**WHAT TO WORK ON**
Nothing but the lines from the start of the records through the line that contains "Unset Strict Implicit." is to be copied, and each is to be copied exactly.

**RECORD EXCERPTS**
/---

(* Let $\bm\mu^N\in\mathcal P(\mathcal X^N)$, $N\in\mathbb N$, and $\mathbb M\in\mathcal P(\mathcal P(\mathcal X))$ be such that $L^N_\#\bm\mu^N\rightharpoonup\mathbb M$ weakly as $N\to\infty$. Then $$\liminf_{N\to\infty}\frac1N\mathcal H(\bm\mu^N\mid\bm\pi^N)\ge\int_{\mathcal P(\mathcal X)}(\mathcal F(\nu)-\mathcal F_0)\,\mathbb M(d\nu)=\mathbb F(\mathbb M)-\mathcal F_0,\qquad \mathcal F_0:=\inf_{\mu\in\mathcal P(\mathcal X)}\mathcal F(\mu).$$
   Context: $\mathcal X=\{1,\dots,d\}$ finite, $\mathcal P(\mathcal X)\subset\mathbb R^{\mathcal X}$. $K:\mathcal P(\mathcal X)\times\mathcal X\to\mathbb R$ with each $K_x$ twice continuously differentiable on a neighbourhood of $\mathcal P(\mathcal X)$; $U(\mu)=\sum_x\mu_xK_x(\mu)$; $\mathcal F(\mu)=\sum_x\mu_x\log\mu_x+U(\mu)$ (with $0\log0=0$); $\mathbb F(\mathbb M)=\int\mathcal F\,d\mathbb M$. For $\bm x\in\mathcal X^N$, $L^N(\bm x)=\frac1N\sum_{i=1}^N\delta_{x_i}\in\mathcal P(\mathcal X)$, and $L^N_\#\bm\mu$ is the push-forward of $\bm\mu\in\mathcal P(\mathcal X^N)$. $\bm\pi^N_{\bm x}=\exp(-NU(L^N\bm x))/\bm Z^N$ with $\bm Z^N=\sum_{\bm x}\exp(-NU(L^N\bm x))$. $\mathcal H(\bm\mu\mid\bm\pi)=\sum_{\bm x}\bm\mu_{\bm x}\log(\bm\mu_{\bm x}/\bm\pi_{\bm x})$. *)

From HB Require Import structures.
From mathcomp Require Import all_boot all_order all_algebra.
From mathcomp Require Import all_classical all_reals all_analysis.
Set Implicit Arguments.
Unset Strict Implicit.
Unset Printing Implicit Defensive.
Import Order.TTheory GRing.Theory Num.Theory.
Import numFieldNormedType.Exports.
Local Open Scope ring_scope.
Local Open Scope classical_set_scope.

(* X = {1,...,d} is modelled by 'I_d; R^X by row vectors 'rV[R]_d
   (mu 0 x is the x-coordinate of mu). *)

Section Defs.
Context (R : realType) (d : nat).

Definition Pspace : set 'rV[R]_d :=
  [set mu | (forall x, 0 <= mu 0 x) /\ \sum_(x < d) mu 0 x = 1].

(* Borel sigma-algebra on R^X (generated by the open sets); probability
   measures on P(X) are the Borel probabilities on R^X concentrated on P(X). *)
Definition borelRd := g_sigma_algebraType (fun A : set 'rV[R]_d => open A).

Definition is_prob (T : finType) (m : T -> R) :=
  (forall t, 0 <= m t) /\ \sum_t m t = 1.

Definition empirical (N : nat) (x : {ffun 'I_N -> 'I_d}) : 'rV[R]_d :=
  \row_(y < d) ((N%:R)^-1 * \sum_(i < N) ((x i == y)%:R)).

Definition Ufun (K : 'rV[R]_d -> 'I_d -> R) (mu : 'rV[R]_d) : R :=
  \sum_(x < d) mu 0 x * K mu x.

(* F(mu) = sum_x mu_x log mu_x + U(mu)   (ln 0 = 0, so 0 log 0 = 0) *)
Definition Ffun (K : 'rV[R]_d -> 'I_d -> R) (mu : 'rV[R]_d) : R :=
  \sum_(x < d) mu 0 x * ln (mu 0 x) + Ufun K mu.

Definition F0 (K : 'rV[R]_d -> 'I_d -> R) : R := inf [set Ffun K mu | mu in Pspace].

Definition gibbsZ (K : 'rV[R]_d -> 'I_d -> R) (N : nat) : R :=
  \sum_(x : {ffun 'I_N -> 'I_d}) expR (- (N%:R * Ufun K (empirical x))).

Definition gibbs (K : 'rV[R]_d -> 'I_d -> R) (N : nat) (x : {ffun 'I_N -> 'I_d}) : R :=
  expR (- (N%:R * Ufun K (empirical x))) / gibbsZ K N.

Definition C2_on (O : set 'rV[R]_d) (f : 'rV[R]_d -> R) : Prop :=
  (forall v, O v -> {for v, continuous f}) /\
  forall (i j : 'I_d) v, O v ->
    [/\ derivable f v 'e_i,
        {for v, continuous (fun w => 'D_'e_i f w)},
        derivable (fun w => 'D_'e_i f w) v 'e_j &
        {for v, continuous (fun w => 'D_'e_j (fun u => 'D_'e_i f u) w)}].

(* weak convergence L^N_# mu^N -> M: for every bounded continuous
   phi : P(X) -> R, int phi d(L^N_# mu^N) = sum_x mu^N_x phi(L^N x)
   converges to int phi dM. *)
Definition weak_cvg_pushforward (mu : forall N : nat, {ffun 'I_N -> 'I_d} -> R)
    (M : probability borelRd R) : Prop :=
  forall phi : 'rV[R]_d -> R,
    {within Pspace, continuous phi} ->
    (exists C : R, forall nu, Pspace nu -> `|phi nu| <= C) ->
    (fun N => (\sum_(x : {ffun 'I_N -> 'I_d}) mu N x * phi (empirical x))%:E)
      @ \oo --> (\int[M]_(nu in (Pspace : set borelRd)) (phi nu)%:E)%E.

End Defs.

Definition rel_entropy (R : realType) (T : finType) (m p : T -> R) : R :=
  \sum_t m t * ln (m t / p t).

From HB Require Import structures.
From mathcomp Require Import all_boot all_order all_algebra.
From mathcomp Require Import all_classical all_reals all_analysis.
From mathcomp Require Import ring lra.
Import Order.TTheory GRing.Theory Num.Theory.
Import numFieldNormedType.Exports.
Local Open Scope ring_scope.
Local Open Scope classical_set_scope.

(* The relative entropy splits as
     H(mu | pi^N) = sum mu log mu + N E_mu[U(L^N x)] + log Z^N.
   Gibbs' inequality against x |-> prod_i L^N(x)_(x_i), whose total mass is at most
   (N+1)^d because there are at most that many empirical measures, gives
     sum mu log mu >= N E_mu[E(L^N x)] - d log (N+1),   E(nu) := sum_x nu_x log nu_x.
   Gibbs' inequality against the product measure v^N gives
     log Z^N >= - N E(v) - N E_(v^N)[U(L^N x)],
   and since L^N x has variance at most 1/N around v under v^N while U is continuous
   and bounded on the simplex, E_(v^N)[U(L^N x)] <= U(v) + eps + C d / N.  Hence
     H(mu | pi^N) / N >= E_mu[F(L^N x)] - F(v) - eps - (d log (N+1) + C d) / N
   for every v; taking F(v) close to F_0 and letting N -> oo along the weak
   convergence of L^N_# mu^N (F is bounded and continuous on the simplex) concludes. *)

Section real_facts.
Context {R : realType}.

Lemma ln_le_mul (y e : R) : 0 < e -> 2 / e ^+ 2 <= y -> ln y <= e * y.
Proof.
move=> e0 hy.
have e20 : 0 < e ^+ 2 by rewrite exprn_gt0.
have y0 : 0 < y by apply: lt_le_trans hy; rewrite divr_gt0.
have ey0 : 0 < e * y by rewrite mulr_gt0.
rewrite -[leRHS]expRK ler_ln ?posrE ?expR_gt0 //.
apply: le_trans (expR_ge1Dxn 1 (ltW ey0)); apply: ler_wpDl => //.
have h2 : 2 <= y * e ^+ 2 by rewrite -ler_pdivrMr.
rewrite [X in _ / X](_ : _ = 2) // ler_pdivlMr // mulrC.
have -> : (e * y) ^+ 2 = y * (y * e ^+ 2) by ring.
by rewrite [leLHS]mulrC ler_wpM2l // ltW.
Qed.

Lemma normr_xlnx_le (t e : R) : 0 < t <= 1 -> 0 < e -> 2 * t <= e ^+ 2 ->
  `|t * ln t| <= e.
Proof.
move=> /andP[t0 t1] e0 te.
have ti0 : 0 < t^-1 by rewrite invr_gt0.
have lnti : ln t^-1 <= e * t^-1.
  apply: ln_le_mul => //.
  rewrite ler_pdivrMr ?exprn_gt0 // -(ler_pM2l t0) mulrA mulfV ?lt0r_neq0 //.
  by rewrite mul1r mulrC.
rewrite ler0_norm; last by rewrite mulr_ge0_le0 ?ln_le0 // ltW.
rewrite -mulrN -lnV ?posrE //.
by rewrite -(ler_pM2l ti0) mulKf ?lt0r_neq0 // mulrC.
Qed.

(* [ln] vanishes on nonpositive reals, so only continuity at [0] needs an argument *)
Lemma continuous_xlnx : continuous (fun t : R => t * ln t).
Proof.
move=> t0; have [t0p|t0n] := ltP 0 t0.
  by apply: continuousM; [exact: cvg_id|exact: continuous_ln].
apply/cvgrPdist_lt => e e0.
set de := Num.min 1 (e ^+ 2 / 8).
have de0 : 0 < de by rewrite lt_min ltr01 /= divr_gt0 // exprn_gt0.
have := @cvg_id _ (nbhs t0); move/cvgrPdist_lt/(_ de de0).
apply: filterS => t Ht.
rewrite (ln0 t0n) mulr0 sub0r normrN.
have [tp|tn] := ltP 0 t; last by rewrite (ln0 tn) mulr0 normr0.
have tde : t < de.
  have := ler_norm (t - t0); rewrite distrC in Ht; lra.
have de1 : de <= 1 by rewrite ge_min lexx.
have de8 : de <= e ^+ 2 / 8 by rewrite ge_min lexx orbT.
apply: (le_lt_trans (@normr_xlnx_le t (e / 2) _ _ _)).
- by rewrite tp /= ltW // (lt_le_trans tde).
- by rewrite divr_gt0.
- have -> : (e / 2) ^+ 2 = e ^+ 2 / 4 by field.
  lra.
- lra.
Qed.

Lemma continuous_sum (T : topologicalType) (I : finType) (f : I -> T -> R) (v : T) :
  (forall i, {for v, continuous (f i)}) ->
  {for v, continuous (fun w => \sum_i f i w)}.
Proof.
move=> fc; suff : forall s, {for v, continuous (fun w => \sum_(i <- s) f i w)} by apply.
elim => [|i s IH].
  rewrite (_ : (fun w => _) = cst 0); first exact: cst_continuous.
  by apply/funext => w; rewrite big_nil.
rewrite (_ : (fun w => _) = f i + fun w => \sum_(j <- s) f j w); first exact: continuousD.
by apply/funext => w; rewrite big_cons.
Qed.

Lemma mul_ln_le (r s : R) : 0 <= r -> 0 <= s -> (0 < r -> 0 < s) ->
  r * ln s <= r * ln r + (s - r).
Proof.
move=> r0 s0 rs; have [rp|] := ltP 0 r; last first.
  move=> r0'; have -> : r = 0 by apply/eqP; rewrite eq_le r0' r0.
  by rewrite !mul0r add0r subr0.
have sp := rs rp.
have : ln (s / r) <= s / r - 1.
  have := @le_ln1Dx _ (s / r - 1); rewrite addrCA subrr addr0; apply.
  by rewrite ltrBrDl subrr divr_gt0.
rewrite ln_div ?posrE // -(ler_pM2l rp).
have -> : r * (s / r - 1) = s - r by field; exact: lt0r_neq0.
lra.
Qed.

Lemma gibbs_inequality {T : finType} {r s : T -> R} :
  is_prob r -> (forall t, 0 <= s t) -> (forall t, 0 < r t -> 0 < s t) ->
  \sum_t s t <= 1 ->
  \sum_t r t * ln (s t) <= \sum_t r t * ln (r t).
Proof.
move=> [r0 r1] s0 rs s1.
apply: (@le_trans _ _ (\sum_t (r t * ln (r t) + (s t - r t)))).
  by apply: ler_sum => t _; exact: mul_ln_le (r0 t) (s0 t) (rs t).
rewrite big_split /= sumrB r1; lra.
Qed.

Lemma is_probW (T : finType) (r : T -> R) : is_prob r -> exists t, 0 < r t.
Proof.
move=> [r0 r1]; apply/not_existsP => rle0.
have : \sum_t r t = 0.
  by apply: big1 => t _; apply/eqP; rewrite eq_le r0 andbT leNgt; apply/negP/rle0.
by rewrite r1 => /eqP; rewrite oner_eq0.
Qed.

\---

**RESULT**
(* Let $\bm\mu^N\in\mathcal P(\mathcal X^N)$, $N\in\mathbb N$, and $\mathbb M\in\mathcal P(\mathcal P(\mathcal X))$ be such that $L^N_\#\bm\mu^N\rightharpoonup\mathbb M$ weakly as $N\to\infty$. Then $$\liminf_{N\to\infty}\frac1N\mathcal H(\bm\mu^N\mid\bm\pi^N)\ge\int_{\mathcal P(\mathcal X)}(\mathcal F(\nu)-\mathcal F_0)\,\mathbb M(d\nu)=\mathbb F(\mathbb M)-\mathcal F_0,\qquad \mathcal F_0:=\inf_{\mu\in\mathcal P(\mathcal X)}\mathcal F(\mu).$$
   Context: $\mathcal X=\{1,\dots,d\}$ finite, $\mathcal P(\mathcal X)\subset\mathbb R^{\mathcal X}$. $K:\mathcal P(\mathcal X)\times\mathcal X\to\mathbb R$ with each $K_x$ twice continuously differentiable on a neighbourhood of $\mathcal P(\mathcal X)$; $U(\mu)=\sum_x\mu_xK_x(\mu)$; $\mathcal F(\mu)=\sum_x\mu_x\log\mu_x+U(\mu)$ (with $0\log0=0$); $\mathbb F(\mathbb M)=\int\mathcal F\,d\mathbb M$. For $\bm x\in\mathcal X^N$, $L^N(\bm x)=\frac1N\sum_{i=1}^N\delta_{x_i}\in\mathcal P(\mathcal X)$, and $L^N_\#\bm\mu$ is the push-forward of $\bm\mu\in\mathcal P(\mathcal X^N)$. $\bm\pi^N_{\bm x}=\exp(-NU(L^N\bm x))/\bm Z^N$ with $\bm Z^N=\sum_{\bm x}\exp(-NU(L^N\bm x))$. $\mathcal H(\bm\mu\mid\bm\pi)=\sum_{\bm x}\bm\mu_{\bm x}\log(\bm\mu_{\bm x}/\bm\pi_{\bm x})$. *)

From HB Require Import structures.
From mathcomp Require Import all_boot all_order all_algebra.
From mathcomp Require Import all_classical all_reals all_analysis.
Set Implicit Arguments.
Unset Strict Implicit.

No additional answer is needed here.